2. Vented both the crank case and valve cover to the the same catch can. Would only take a half an hour of beating and the can would be over flowing. You can see the fitting I tapped into the valve cover here, I also had a small baffle on the inside to help prevent oil from getting in there but it didn't make a difference. 










3. This is the setup I'm running now and I'm very happy with it. I built a new catch can, there's a baffle on the inside, two vents from the valve cover (I filled the one in the back). The crank case vents to the bottom of the catch can. So what happens is when the car is out of boost the oil drains back down into the block, meaning I never have to deal with oil all over the place again.  I may change it eventually to pull the fumes out the exhaust but at this point I'm just happy not having to deal with oil all the time, and having to check my oil every other day.


----------



## boost_addict (Dec 4, 2009)

you need to vent the valve cover.. i have a valve cover with 2 10an welded in the top.. 16v were not vented factory.,. once you vent it, you get alot less blow by out the crank case vent. run the crank cas and valve cover vents to a catch can.

pm if you need a vented vavle cover. i have 2 im parting my vw stuff


----------



## slamedmk3golf (Jul 4, 2009)

im gonna try a valve cover like you made an do you have any pics of the under side of ur valve cover??


----------



## 05JettaGLXVR6 (Jan 25, 2006)

need moar baffle. Or stop riding the rev limiter lol


----------



## chadr (Feb 12, 2000)

Jeebus

how are the fumes when sitting in traffic? are the fumes worse if you've been pushing the car hard then come to a stop for a while? 

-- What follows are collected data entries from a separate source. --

Definition hamming m g (b1 b2 : {set pts m g}) : nat :=
  #|[set y : 'I_m | word m g b1 y != word m g b2 y]|.

Definition GS (t w m g : nat) (B : {set {set pts m g}}) : Prop :=
  Hdesign m g w t B /\
  (forall b1 b2, b1 \in B -> b2 \in B -> b1 != b2 ->
     2 * (w - t) + 1 <= hamming m g b1 b2).

Definition all_wsets (w m g : nat) : {set {set pts m g}} :=
  [set b : {set pts m g} | (#|b| == w) && partial_transversal m g b].

Definition LGS (t w m g : nat) : Prop :=
  exists P : {set {set {set pts m g}}},
    partition P (all_wsets w m g) /\ forall B, B \in P -> GS t w m g B.

From mathcomp Require Import all_boot zify.

(* Copy each GS(t,w,w',g) of the given large set onto every block b of one
   resolution class C of the S(w,w',n), identifying the w' groups with the
   points of b.  An admissible w-set on n groups has a support of size w, which
   lies in exactly one block of the S(w,w',n), hence in exactly one class;
   pulled back to that block it lies in exactly one GS of the large set, so the
   copies, grouped by (C, GS), partition all admissible w-sets.  Each family is
   a GS: a t-set on distinct groups lies in a unique block of C and is then
   covered by the copy of a unique block of the GS, and two blocks of C meet in
   fewer than t points, so copies on different blocks differ in at least
   2(w-t+1) coordinates, while copies on the same block keep the distance of
   the GS. *)

Set Implicit Arguments.
Unset Strict Implicit.

Definition supp m g (X : {set pts m g}) : {set 'I_m} := [set p.1 | p in X].

Lemma partial_transversalP m g (X : {set pts m g}) :
  reflect {in X &, forall p q, p.1 = q.1 -> p = q} (partial_transversal m g X).
Proof.
apply: (iffP forallP) => [H p q pX qX e | H y].
  by apply: (card_le1_eqP (H p.1)); rewrite !inE ?pX ?qX ?e /=.
apply/card_le1_eqP => p q; rewrite !inE => /andP[pX /eqP e1] /andP[qX /eqP e2].
by apply: H => //; rewrite e1 e2.
Qed.

Lemma distinct_groupsE m g (X : {set pts m g}) :
  distinct_groups m g X = partial_transversal m g X.
Proof.
apply/forall_inP/partial_transversalP => [H p q pX qX e | H p pX].
  by apply/eqP; have /forall_inP/(_ q qX)/implyP := H p pX; apply; rewrite e.
by apply/forall_inP => q qX; apply/implyP => /eqP e; apply/eqP; apply: H.
Qed.

Lemma card_supp m g (X : {set pts m g}) :
  partial_transversal m g X -> #|supp X| = #|X|.
Proof. by move/partial_transversalP; apply: card_in_imset. Qed.

Lemma word_supp m g (X : {set pts m g}) y : (word m g X y != None) = (y \in supp X).
Proof.
rewrite /word; case: pickP => [a Xya | noX] /=.
  by apply/esym/imsetP; exists (y, a).
apply/esym/negbTE/imsetP => -[[z a] Xza /= eyz]; subst z.
by have := noX a; rewrite Xza.
Qed.

Lemma leq_supp_diff_hamming m g (X1 X2 : {set pts m g}) :
  #|supp X1 :\: supp X2| + #|supp X2 :\: supp X1| <= hamming m g X1 X2.
Proof.
set D1 := _ :\: _; set D2 := _ :\: _.
have -> : #|D1| + #|D2| = #|D1 :|: D2|.
  rewrite -cardsUI; suff -> : D1 :&: D2 = set0 by rewrite cards0 addn0.
  by apply/setP => y; rewrite !inE; case: (y \in supp X1); case: (y \in supp X2).
apply/subset_leq_card/subsetP => y; rewrite !inE -!word_supp.
by case: (word m g X1 y); case: (word m g X2 y).
Qed.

currently I have the crankcase vented to the ground, but may consider going with a similar breather box setup with venting back into the exhaust after the cat. I see a lot of an fittings used, but I suppose cheaper fittings and hose clamps could be used. Or are the an fittings and hose used due to the heat? I could see some high temp hose being needed if you were close to the exhaust side but the top of the engine should be ok with some cheaper hose? What is your experience or opinion there?

thanks


----------



## Turbo3 (Sep 15, 2005)

Jeebus said:


> 3. This is the setup I'm running now and I'm very happy with it. I built a new catch can, there's a baffle on the inside, two vents from the valve cover (I filled the one in the back). The crank case vents to the bottom of the catch can. So what happens is when the car is out of boost the oil drains back down into the block, meaning I never have to deal with oil all over the place again.  I may change it eventually to pull the fumes out the exhaust but at this point I'm just happy not having to deal with oil all the time, and having to check my oil every other day.


That's a nice trick with the catch can. Never thought about doin that. 

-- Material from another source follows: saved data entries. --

Lemma offset_eq0 v : (offset v == 0) = (v \in X).
Proof.
rewrite /offset; case: ifP => // /negbT vX.
by have := setdist_gt0 vX; have := level_range vX; case: ifP; lia.
Qed.

Lemma offset_le v : offset v <= h.*2.
Proof.
rewrite /offset; case: ifP => // /negbT vX.
by have := level_range vX; case: ifP; lia.
Qed.

Lemma edge_window u v : e u v -> exists b t,
  [/\ t.*2 <= offset u <= t.*2.+2, t.*2 <= offset v <= t.*2.+2,
      (offset u == 0) || (side u == b) & (offset v == 0) || (side v == b)].
Proof.
move=> euv; have dvu := setdist_edge X euv.
rewrite e_sym in euv; have duv := setdist_edge X euv.
rewrite !offset_eq0 /offset.
have d0 w : w \in X -> d w = 0 by rewrite -(setdist_eq0 e) => /eqP.
case: (boolP (u \in X)) => uX; case: (boolP (v \in X)) => vX.
- by exists true, 0.
- exists (side v), 0; rewrite eqxx orbT; move: (d0 _ uX) (setdist_gt0 vX) (level_range vX).
  by case: ifP; split => //; lia.
- exists (side u), 0; rewrite eqxx orbT; move: (d0 _ vX) (setdist_gt0 uX) (level_range uX).
  by case: ifP; split => //; lia.
- rewrite e_sym in euv; have [-> ->] := edge_side_level uX vX euv.
  exists (side v); rewrite eqxx orbT; have := level_range vX.
  case: ifP => lt_u; case: ifP => lt_v.
  + by exists (minn (d u) (d v)); split => //; lia.
  all: by exists (level v).-1; split => //; lia.
Qed.

Lemma window_sub b t u v :
  t.*2 <= offset u <= t.*2.+2 -> t.*2 <= offset v <= t.*2.+2 ->
  (offset u == 0) || (side u == b) -> (offset v == 0) || (side v == b) ->
  [set w | minn (layout_key u) (layout_key v) <= layout_key w
             <= maxn (layout_key u) (layout_key v)] \subset
  [set w | (offset w == t.*2) && ((offset w == 0) || (side w == b))] :|:
  [set w | (offset w == t.*2.+1) && (side w == b)] :|:
  [set w | (offset w == t.*2.+2) && (side w == b)].
Proof.
move=> ou ov su sv; apply/subsetP => w; rewrite !inE /layout_key.
move: (offset_le u) (offset_le v) (offset_le w) su sv.
by case: (side u); case: (side v); case: (side w); case: b => /=;
  rewrite ?orbF ?orbT ?eqxx ?andbT; lia.
Qed.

And what exhaust manny is that?


----------



## Jones84 (Sep 6, 2007)

Hay Turbo3, What Oil Pump gear is that?? Its alot smaller than the 16v or 8v. I would really like to know.


----------



## Turbo3 (Sep 15, 2005)

Jones84 said:


> Hay Turbo3, What Oil Pump gear is that?? Its alot smaller than the 16v or 8v. I would really like to know.


----------



## chadr (Feb 12, 2000)

Turbo3 said:


>


He is looking at the pics, but not your pics of course 

Jones, why would one need a smaller oil pump gear? Excess oil pressure above a fresh stock pump isnt needed as far as I know. 

Anyway, this is about the catch can so hopefully I can get some feedback on my questions to jeebus


----------



## Jeebus (Jul 8, 2001)

chadr said:


> Jeebus
> 
> how are the fumes when sitting in traffic? are the fumes worse if you've been pushing the car hard then come to a stop for a while?
> 
> ...


As you can see from the bay shot there's not a lot of holes left that run into the car... so the smell isn't an issue for me pretty much at all. Even on few hour drives it's fine. The only time I can really smell it is when I'm beating the guts out of it. 

As for which fittings and stuff to use... you can use whatever you want really. They don't see any great pressure, so really it's just heat that you have to be worried about, depending on how/where you have them run. 



Turbo3 said:


> That's a nice trick with the catch can. Never thought about doin that.
> 
> And what exhaust manny is that?


The exhaust manifold is built by me.


----------



## Turbo3 (Sep 15, 2005)

Jeebus said:


> As you can see from the bay shot there's not a lot of holes left that run into the car... so the smell isn't an issue for me pretty much at all. Even on few hour drives it's fine. The only time I can really smell it is when I'm beating the guts out of it.
> 
> As for which fittings and stuff to use... you can use whatever you want really. They don't see any great pressure, so really it's just heat that you have to be worried about, depending on how/where you have them run.
> 
> ...


Thats good to know. Did you built the catch can too? What would you think about the same style CC like yours but bigger and non vented, with the exhaust pullin the pressure and fumes? Would that be just as effective as yours?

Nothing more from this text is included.